§ **TO DO**: Search the material for "elim" and copy each line in which it is found.

§ **MATERIAL TO PROCESS**:

##############################

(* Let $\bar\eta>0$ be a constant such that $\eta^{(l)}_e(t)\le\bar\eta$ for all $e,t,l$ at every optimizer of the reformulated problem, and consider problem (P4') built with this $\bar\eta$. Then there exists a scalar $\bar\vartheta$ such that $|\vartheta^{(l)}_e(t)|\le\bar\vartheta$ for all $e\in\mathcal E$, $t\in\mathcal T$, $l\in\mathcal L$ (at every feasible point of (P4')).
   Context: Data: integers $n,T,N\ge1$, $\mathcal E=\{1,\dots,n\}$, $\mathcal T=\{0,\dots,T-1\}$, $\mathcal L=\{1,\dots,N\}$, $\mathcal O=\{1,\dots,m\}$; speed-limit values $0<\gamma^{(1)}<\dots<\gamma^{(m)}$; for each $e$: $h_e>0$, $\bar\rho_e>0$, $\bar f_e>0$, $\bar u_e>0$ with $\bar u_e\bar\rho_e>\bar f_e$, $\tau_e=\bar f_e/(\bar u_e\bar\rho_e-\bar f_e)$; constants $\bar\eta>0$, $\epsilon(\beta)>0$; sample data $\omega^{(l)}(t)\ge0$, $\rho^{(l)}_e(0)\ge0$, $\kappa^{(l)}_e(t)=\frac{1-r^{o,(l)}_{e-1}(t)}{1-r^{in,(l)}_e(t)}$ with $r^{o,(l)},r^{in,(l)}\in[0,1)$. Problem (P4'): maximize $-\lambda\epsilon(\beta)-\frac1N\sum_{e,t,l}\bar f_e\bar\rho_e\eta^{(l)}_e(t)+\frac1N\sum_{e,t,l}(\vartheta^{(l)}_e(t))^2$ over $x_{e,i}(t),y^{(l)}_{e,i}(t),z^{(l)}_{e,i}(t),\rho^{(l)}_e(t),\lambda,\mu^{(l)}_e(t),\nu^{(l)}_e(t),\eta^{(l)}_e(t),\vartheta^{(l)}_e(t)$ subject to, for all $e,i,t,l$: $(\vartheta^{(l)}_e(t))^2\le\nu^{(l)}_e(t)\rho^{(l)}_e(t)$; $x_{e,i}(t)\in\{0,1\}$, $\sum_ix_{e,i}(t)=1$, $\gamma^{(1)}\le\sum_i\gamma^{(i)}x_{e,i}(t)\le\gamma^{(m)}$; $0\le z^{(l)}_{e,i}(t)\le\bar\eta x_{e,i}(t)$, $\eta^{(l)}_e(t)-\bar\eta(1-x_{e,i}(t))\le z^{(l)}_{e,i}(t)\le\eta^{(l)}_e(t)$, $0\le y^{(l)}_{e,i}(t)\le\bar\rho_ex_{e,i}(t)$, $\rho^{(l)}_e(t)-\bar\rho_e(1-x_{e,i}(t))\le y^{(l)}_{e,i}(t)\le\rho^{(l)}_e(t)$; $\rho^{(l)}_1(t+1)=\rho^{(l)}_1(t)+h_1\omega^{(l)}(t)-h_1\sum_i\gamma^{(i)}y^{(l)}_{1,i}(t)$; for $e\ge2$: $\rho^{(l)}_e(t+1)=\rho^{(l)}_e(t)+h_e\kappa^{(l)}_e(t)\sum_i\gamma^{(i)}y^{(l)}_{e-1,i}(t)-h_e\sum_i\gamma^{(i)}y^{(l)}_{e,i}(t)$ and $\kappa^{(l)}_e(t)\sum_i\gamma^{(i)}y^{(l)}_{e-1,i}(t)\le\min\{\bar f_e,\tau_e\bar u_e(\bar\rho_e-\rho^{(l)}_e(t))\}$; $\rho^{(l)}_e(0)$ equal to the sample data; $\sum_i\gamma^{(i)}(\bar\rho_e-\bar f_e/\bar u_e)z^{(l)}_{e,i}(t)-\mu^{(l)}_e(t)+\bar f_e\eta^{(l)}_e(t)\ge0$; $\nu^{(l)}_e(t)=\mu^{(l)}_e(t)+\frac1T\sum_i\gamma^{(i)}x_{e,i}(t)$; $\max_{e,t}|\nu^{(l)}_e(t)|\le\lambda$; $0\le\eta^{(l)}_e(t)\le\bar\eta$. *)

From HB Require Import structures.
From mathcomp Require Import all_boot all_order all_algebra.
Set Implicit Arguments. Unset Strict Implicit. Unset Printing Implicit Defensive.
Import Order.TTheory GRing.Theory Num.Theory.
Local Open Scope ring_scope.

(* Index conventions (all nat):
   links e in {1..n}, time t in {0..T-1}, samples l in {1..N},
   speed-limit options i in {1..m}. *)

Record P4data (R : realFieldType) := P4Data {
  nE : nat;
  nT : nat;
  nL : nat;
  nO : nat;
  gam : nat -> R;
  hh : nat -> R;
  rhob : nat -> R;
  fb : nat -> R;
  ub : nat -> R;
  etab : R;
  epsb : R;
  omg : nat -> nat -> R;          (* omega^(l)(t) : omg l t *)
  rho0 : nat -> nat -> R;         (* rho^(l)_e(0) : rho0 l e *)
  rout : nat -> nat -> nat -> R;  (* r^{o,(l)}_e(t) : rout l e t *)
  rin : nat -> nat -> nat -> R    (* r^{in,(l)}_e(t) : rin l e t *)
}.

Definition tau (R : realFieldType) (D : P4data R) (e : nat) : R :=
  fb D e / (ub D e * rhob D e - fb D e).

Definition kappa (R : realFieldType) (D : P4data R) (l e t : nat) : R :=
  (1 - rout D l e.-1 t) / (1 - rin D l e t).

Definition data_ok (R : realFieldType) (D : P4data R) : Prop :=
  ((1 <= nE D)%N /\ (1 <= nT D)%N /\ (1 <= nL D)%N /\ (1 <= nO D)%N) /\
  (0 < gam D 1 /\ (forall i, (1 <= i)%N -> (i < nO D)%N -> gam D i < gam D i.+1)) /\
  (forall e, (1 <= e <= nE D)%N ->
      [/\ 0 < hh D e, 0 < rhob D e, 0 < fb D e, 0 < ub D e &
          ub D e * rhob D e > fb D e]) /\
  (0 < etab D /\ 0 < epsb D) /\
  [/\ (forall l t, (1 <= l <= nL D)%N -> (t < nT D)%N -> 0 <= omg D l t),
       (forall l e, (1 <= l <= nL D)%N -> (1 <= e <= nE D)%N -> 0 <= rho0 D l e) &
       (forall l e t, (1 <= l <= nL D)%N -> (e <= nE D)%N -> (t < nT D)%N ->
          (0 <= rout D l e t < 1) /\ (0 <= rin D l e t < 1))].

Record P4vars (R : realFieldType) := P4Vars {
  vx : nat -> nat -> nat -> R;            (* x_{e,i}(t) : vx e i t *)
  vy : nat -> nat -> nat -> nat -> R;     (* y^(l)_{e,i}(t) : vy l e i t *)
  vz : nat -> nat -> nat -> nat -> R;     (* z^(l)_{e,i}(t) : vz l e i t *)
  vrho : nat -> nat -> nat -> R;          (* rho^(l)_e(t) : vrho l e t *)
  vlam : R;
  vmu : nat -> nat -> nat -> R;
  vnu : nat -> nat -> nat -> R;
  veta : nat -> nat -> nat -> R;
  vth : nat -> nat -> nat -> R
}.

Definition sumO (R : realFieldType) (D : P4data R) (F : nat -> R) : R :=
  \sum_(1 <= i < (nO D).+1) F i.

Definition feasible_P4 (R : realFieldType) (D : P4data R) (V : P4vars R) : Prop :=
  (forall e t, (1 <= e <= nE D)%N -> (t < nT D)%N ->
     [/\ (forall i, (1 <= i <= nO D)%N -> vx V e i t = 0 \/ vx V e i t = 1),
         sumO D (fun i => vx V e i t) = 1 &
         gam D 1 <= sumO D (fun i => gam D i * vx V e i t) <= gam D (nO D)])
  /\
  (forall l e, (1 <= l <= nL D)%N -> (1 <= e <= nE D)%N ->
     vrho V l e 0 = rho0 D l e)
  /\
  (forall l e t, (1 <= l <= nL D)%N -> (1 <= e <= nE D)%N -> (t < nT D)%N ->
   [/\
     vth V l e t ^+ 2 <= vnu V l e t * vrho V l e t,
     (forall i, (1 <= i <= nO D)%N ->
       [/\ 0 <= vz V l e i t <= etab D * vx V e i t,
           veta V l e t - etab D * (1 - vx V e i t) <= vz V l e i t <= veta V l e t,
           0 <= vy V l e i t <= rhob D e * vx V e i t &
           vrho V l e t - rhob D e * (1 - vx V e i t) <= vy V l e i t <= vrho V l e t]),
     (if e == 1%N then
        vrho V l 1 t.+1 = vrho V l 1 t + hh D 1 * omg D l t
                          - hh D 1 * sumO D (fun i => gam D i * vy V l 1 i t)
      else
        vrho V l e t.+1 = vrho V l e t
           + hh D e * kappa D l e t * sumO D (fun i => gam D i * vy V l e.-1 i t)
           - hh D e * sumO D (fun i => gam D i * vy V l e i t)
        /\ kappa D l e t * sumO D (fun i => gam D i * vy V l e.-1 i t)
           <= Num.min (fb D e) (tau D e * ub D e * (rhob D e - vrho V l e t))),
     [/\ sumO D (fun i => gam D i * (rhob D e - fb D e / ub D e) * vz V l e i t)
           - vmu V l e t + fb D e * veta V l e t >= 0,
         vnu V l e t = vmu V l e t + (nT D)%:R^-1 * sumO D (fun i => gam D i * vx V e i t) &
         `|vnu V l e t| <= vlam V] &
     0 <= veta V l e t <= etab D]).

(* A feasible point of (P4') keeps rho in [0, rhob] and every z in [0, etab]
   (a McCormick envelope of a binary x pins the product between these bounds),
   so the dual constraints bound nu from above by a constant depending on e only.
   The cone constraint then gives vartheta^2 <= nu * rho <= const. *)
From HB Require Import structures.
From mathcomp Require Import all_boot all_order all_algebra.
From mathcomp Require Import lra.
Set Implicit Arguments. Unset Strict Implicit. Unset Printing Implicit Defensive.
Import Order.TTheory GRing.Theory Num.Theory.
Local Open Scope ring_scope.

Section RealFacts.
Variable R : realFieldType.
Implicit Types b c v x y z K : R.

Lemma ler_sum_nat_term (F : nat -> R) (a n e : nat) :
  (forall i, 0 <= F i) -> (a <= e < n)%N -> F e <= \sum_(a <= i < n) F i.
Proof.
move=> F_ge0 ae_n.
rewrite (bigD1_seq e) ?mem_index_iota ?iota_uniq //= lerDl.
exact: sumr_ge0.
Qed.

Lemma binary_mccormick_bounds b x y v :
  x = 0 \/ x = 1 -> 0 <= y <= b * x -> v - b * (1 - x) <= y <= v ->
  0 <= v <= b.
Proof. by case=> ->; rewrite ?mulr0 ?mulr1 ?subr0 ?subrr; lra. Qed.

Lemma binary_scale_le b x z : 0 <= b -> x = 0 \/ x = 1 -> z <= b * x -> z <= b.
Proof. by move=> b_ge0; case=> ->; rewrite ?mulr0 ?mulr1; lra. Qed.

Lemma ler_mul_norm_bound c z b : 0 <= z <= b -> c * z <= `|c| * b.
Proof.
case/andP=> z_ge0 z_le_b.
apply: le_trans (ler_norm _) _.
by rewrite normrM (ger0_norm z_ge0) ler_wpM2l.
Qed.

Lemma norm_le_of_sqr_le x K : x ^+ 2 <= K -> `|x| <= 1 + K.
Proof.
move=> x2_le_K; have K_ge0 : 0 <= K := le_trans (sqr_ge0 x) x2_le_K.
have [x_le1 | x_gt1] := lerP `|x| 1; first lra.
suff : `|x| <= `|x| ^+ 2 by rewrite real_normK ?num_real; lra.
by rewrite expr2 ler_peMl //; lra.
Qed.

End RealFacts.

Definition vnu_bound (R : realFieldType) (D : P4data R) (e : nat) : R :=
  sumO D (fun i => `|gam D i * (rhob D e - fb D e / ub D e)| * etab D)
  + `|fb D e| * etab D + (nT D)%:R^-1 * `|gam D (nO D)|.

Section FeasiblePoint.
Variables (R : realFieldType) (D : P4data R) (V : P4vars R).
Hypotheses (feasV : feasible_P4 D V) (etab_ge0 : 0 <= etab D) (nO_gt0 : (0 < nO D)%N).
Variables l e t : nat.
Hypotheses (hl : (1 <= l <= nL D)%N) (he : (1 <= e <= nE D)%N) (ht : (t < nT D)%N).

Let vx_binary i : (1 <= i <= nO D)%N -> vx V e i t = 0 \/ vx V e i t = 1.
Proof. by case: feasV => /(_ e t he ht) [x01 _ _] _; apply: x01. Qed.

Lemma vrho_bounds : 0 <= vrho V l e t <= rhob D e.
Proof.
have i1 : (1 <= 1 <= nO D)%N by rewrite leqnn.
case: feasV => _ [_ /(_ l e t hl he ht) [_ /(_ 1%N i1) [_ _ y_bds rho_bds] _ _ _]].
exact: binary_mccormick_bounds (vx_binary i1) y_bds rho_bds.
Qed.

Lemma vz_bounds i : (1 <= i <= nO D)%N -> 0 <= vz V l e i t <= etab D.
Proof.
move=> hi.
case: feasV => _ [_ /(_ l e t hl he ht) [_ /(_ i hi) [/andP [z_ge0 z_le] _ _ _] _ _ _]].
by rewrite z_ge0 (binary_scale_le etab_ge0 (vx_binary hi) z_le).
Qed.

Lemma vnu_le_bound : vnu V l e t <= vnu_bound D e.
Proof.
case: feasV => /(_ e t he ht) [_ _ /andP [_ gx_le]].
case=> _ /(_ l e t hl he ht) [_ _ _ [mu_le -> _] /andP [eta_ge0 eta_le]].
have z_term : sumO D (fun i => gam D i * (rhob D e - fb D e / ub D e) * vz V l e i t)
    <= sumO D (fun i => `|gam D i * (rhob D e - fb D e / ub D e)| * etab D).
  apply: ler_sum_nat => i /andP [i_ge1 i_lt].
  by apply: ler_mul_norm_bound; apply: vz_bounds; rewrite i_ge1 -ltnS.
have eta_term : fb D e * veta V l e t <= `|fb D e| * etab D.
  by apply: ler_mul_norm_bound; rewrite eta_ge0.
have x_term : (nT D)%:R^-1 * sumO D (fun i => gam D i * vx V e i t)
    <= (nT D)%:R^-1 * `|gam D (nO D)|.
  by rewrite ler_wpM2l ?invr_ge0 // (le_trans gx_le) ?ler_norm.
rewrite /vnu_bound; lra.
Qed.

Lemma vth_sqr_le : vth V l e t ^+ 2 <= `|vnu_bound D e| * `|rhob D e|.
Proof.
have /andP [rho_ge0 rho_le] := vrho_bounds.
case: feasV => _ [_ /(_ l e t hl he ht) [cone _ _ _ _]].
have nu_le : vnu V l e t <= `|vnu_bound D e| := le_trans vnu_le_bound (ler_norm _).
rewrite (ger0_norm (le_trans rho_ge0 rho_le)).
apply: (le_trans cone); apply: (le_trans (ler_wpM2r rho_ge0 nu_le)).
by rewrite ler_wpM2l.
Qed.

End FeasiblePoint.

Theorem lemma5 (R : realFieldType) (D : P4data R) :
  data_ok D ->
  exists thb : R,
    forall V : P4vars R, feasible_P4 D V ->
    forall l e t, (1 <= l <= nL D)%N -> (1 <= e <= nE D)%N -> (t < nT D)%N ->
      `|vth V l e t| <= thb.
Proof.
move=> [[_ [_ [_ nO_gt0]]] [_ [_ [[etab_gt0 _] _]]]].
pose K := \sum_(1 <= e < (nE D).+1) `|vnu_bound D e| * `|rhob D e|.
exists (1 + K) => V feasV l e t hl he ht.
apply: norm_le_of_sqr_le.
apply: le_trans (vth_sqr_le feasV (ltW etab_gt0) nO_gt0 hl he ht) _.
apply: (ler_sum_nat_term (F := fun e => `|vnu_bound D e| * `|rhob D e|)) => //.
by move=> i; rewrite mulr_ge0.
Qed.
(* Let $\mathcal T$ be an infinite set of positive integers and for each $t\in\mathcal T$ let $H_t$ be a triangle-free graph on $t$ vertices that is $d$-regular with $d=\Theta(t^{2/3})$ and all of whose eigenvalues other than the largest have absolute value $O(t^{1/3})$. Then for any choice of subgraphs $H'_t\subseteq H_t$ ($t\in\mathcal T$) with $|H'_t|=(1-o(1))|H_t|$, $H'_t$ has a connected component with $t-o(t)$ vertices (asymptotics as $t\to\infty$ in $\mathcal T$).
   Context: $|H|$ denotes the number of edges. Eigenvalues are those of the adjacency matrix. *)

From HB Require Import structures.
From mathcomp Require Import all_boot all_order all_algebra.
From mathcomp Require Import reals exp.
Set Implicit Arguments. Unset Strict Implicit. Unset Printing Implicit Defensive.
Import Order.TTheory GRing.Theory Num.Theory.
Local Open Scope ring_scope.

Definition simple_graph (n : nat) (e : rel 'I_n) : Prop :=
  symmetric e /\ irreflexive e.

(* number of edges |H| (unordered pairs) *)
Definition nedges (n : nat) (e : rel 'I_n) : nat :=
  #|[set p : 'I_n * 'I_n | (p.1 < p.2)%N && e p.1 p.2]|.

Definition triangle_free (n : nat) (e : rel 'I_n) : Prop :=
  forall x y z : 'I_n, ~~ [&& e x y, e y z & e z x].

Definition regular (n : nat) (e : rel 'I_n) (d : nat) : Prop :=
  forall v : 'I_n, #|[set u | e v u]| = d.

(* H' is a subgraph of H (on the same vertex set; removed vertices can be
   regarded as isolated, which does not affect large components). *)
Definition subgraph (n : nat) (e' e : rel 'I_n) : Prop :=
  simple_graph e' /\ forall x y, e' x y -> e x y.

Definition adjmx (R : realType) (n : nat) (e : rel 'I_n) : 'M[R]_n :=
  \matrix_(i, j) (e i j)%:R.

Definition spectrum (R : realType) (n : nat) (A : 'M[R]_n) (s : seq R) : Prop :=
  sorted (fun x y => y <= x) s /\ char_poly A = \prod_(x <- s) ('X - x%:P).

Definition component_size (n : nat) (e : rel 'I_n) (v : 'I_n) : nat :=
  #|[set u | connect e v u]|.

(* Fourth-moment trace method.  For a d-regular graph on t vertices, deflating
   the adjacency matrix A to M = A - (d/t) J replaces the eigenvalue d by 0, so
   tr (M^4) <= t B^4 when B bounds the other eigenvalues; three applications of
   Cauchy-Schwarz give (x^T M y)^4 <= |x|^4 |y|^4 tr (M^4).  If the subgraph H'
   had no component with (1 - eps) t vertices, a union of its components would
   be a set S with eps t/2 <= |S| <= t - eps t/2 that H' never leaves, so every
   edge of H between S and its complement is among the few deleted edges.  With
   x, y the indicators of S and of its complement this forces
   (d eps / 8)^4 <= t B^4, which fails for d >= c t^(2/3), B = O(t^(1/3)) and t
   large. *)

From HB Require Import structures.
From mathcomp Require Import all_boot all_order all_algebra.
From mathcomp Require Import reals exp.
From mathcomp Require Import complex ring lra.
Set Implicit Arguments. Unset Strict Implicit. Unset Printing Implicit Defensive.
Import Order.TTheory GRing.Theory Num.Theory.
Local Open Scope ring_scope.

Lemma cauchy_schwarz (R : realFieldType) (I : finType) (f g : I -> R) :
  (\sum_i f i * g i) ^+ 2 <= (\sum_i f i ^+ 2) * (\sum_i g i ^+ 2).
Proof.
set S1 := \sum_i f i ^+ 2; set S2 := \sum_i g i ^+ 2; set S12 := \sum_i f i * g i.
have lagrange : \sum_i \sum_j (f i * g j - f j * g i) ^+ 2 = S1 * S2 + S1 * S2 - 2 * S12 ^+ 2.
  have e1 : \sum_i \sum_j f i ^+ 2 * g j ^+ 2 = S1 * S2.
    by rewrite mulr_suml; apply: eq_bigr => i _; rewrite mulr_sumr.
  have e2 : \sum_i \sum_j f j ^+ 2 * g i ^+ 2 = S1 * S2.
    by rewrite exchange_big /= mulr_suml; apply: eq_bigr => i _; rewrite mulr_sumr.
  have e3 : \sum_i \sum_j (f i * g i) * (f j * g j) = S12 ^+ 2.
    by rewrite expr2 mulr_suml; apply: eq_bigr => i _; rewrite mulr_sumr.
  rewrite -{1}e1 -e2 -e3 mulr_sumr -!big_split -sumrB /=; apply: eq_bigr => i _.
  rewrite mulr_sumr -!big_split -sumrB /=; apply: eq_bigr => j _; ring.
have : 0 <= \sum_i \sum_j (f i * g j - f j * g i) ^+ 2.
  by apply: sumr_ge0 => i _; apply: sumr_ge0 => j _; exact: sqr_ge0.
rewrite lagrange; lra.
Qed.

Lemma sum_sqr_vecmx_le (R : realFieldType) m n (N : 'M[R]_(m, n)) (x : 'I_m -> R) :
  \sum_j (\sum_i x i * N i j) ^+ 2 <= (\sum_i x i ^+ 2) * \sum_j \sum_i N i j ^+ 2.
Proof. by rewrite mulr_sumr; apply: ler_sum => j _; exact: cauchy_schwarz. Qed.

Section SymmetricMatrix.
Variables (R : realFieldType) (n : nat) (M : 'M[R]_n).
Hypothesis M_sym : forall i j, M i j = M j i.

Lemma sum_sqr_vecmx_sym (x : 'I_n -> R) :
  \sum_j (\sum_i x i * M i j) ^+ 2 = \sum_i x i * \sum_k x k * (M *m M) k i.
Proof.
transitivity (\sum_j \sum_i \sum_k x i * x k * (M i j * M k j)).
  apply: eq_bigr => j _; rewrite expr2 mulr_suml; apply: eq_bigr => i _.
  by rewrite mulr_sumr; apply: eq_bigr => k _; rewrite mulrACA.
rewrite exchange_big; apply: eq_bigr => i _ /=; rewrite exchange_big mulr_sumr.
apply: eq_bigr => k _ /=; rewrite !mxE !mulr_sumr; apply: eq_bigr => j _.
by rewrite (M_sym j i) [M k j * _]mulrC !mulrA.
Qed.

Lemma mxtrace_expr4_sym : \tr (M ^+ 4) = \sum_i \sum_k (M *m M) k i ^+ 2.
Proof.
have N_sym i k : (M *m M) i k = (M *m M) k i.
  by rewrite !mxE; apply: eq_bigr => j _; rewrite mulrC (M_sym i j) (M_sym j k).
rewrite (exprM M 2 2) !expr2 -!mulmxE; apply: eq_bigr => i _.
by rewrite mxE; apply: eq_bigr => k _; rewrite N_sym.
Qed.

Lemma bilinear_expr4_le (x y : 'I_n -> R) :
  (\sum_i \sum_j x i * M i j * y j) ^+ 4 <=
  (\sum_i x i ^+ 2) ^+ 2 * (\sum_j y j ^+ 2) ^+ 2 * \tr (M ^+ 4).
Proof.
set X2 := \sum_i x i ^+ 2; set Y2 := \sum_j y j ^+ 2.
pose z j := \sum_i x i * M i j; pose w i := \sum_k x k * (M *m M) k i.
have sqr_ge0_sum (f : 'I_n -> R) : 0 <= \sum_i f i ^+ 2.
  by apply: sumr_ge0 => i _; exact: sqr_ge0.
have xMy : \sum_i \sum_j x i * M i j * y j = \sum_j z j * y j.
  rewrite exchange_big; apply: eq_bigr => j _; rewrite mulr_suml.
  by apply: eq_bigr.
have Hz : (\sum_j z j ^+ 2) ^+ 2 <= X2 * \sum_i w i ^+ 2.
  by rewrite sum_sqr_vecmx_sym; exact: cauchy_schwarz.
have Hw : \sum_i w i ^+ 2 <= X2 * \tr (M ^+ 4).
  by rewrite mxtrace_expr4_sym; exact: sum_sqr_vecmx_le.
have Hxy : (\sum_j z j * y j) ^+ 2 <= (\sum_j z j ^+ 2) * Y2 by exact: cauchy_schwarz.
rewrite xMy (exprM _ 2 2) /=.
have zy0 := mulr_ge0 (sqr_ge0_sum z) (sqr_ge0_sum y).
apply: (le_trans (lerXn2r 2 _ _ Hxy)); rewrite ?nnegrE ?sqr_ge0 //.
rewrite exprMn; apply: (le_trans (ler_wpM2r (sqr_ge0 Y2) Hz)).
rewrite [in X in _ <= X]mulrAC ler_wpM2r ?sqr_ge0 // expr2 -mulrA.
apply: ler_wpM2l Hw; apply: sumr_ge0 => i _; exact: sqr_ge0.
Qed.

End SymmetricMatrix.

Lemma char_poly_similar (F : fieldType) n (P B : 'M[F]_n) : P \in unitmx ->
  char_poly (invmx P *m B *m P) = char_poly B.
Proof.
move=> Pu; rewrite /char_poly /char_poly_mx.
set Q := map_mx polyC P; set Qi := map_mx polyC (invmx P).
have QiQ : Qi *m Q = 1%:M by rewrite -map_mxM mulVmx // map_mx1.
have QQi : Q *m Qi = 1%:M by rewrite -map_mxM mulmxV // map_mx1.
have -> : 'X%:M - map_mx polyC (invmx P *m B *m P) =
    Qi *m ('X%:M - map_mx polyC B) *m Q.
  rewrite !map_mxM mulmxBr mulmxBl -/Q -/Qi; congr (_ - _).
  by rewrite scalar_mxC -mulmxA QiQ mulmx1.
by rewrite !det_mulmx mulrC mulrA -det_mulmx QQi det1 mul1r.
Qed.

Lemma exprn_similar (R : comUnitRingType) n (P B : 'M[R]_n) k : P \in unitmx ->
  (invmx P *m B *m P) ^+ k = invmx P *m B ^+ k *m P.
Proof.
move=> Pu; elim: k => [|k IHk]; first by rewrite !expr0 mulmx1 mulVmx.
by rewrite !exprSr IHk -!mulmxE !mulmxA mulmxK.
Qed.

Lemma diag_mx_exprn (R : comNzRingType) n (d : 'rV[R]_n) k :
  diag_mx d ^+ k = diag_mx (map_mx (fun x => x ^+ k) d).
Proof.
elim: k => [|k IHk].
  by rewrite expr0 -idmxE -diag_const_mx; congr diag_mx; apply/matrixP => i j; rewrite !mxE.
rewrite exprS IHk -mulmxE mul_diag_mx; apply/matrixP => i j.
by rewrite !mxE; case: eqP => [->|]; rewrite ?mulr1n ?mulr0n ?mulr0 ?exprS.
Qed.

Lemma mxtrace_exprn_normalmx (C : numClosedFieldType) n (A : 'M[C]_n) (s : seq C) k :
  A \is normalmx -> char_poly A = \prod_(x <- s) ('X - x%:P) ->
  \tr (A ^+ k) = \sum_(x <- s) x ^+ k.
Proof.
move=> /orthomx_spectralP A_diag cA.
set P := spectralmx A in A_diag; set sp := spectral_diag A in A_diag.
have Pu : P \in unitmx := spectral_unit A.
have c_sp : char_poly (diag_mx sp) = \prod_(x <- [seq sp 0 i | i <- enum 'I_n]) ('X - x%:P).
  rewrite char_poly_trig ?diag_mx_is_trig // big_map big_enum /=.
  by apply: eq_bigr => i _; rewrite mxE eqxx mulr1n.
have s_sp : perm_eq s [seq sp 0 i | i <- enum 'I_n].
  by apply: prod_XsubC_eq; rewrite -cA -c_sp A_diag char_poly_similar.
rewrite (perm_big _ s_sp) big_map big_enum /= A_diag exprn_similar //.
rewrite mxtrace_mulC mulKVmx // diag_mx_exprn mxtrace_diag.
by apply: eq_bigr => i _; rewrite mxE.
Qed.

##############################

§ **YOUR RESPONSE**:
move=> Pu; elim: k => [|k IHk]; first by rewrite !expr0 mulmx1 mulVmx.
elim: k => [|k IHk].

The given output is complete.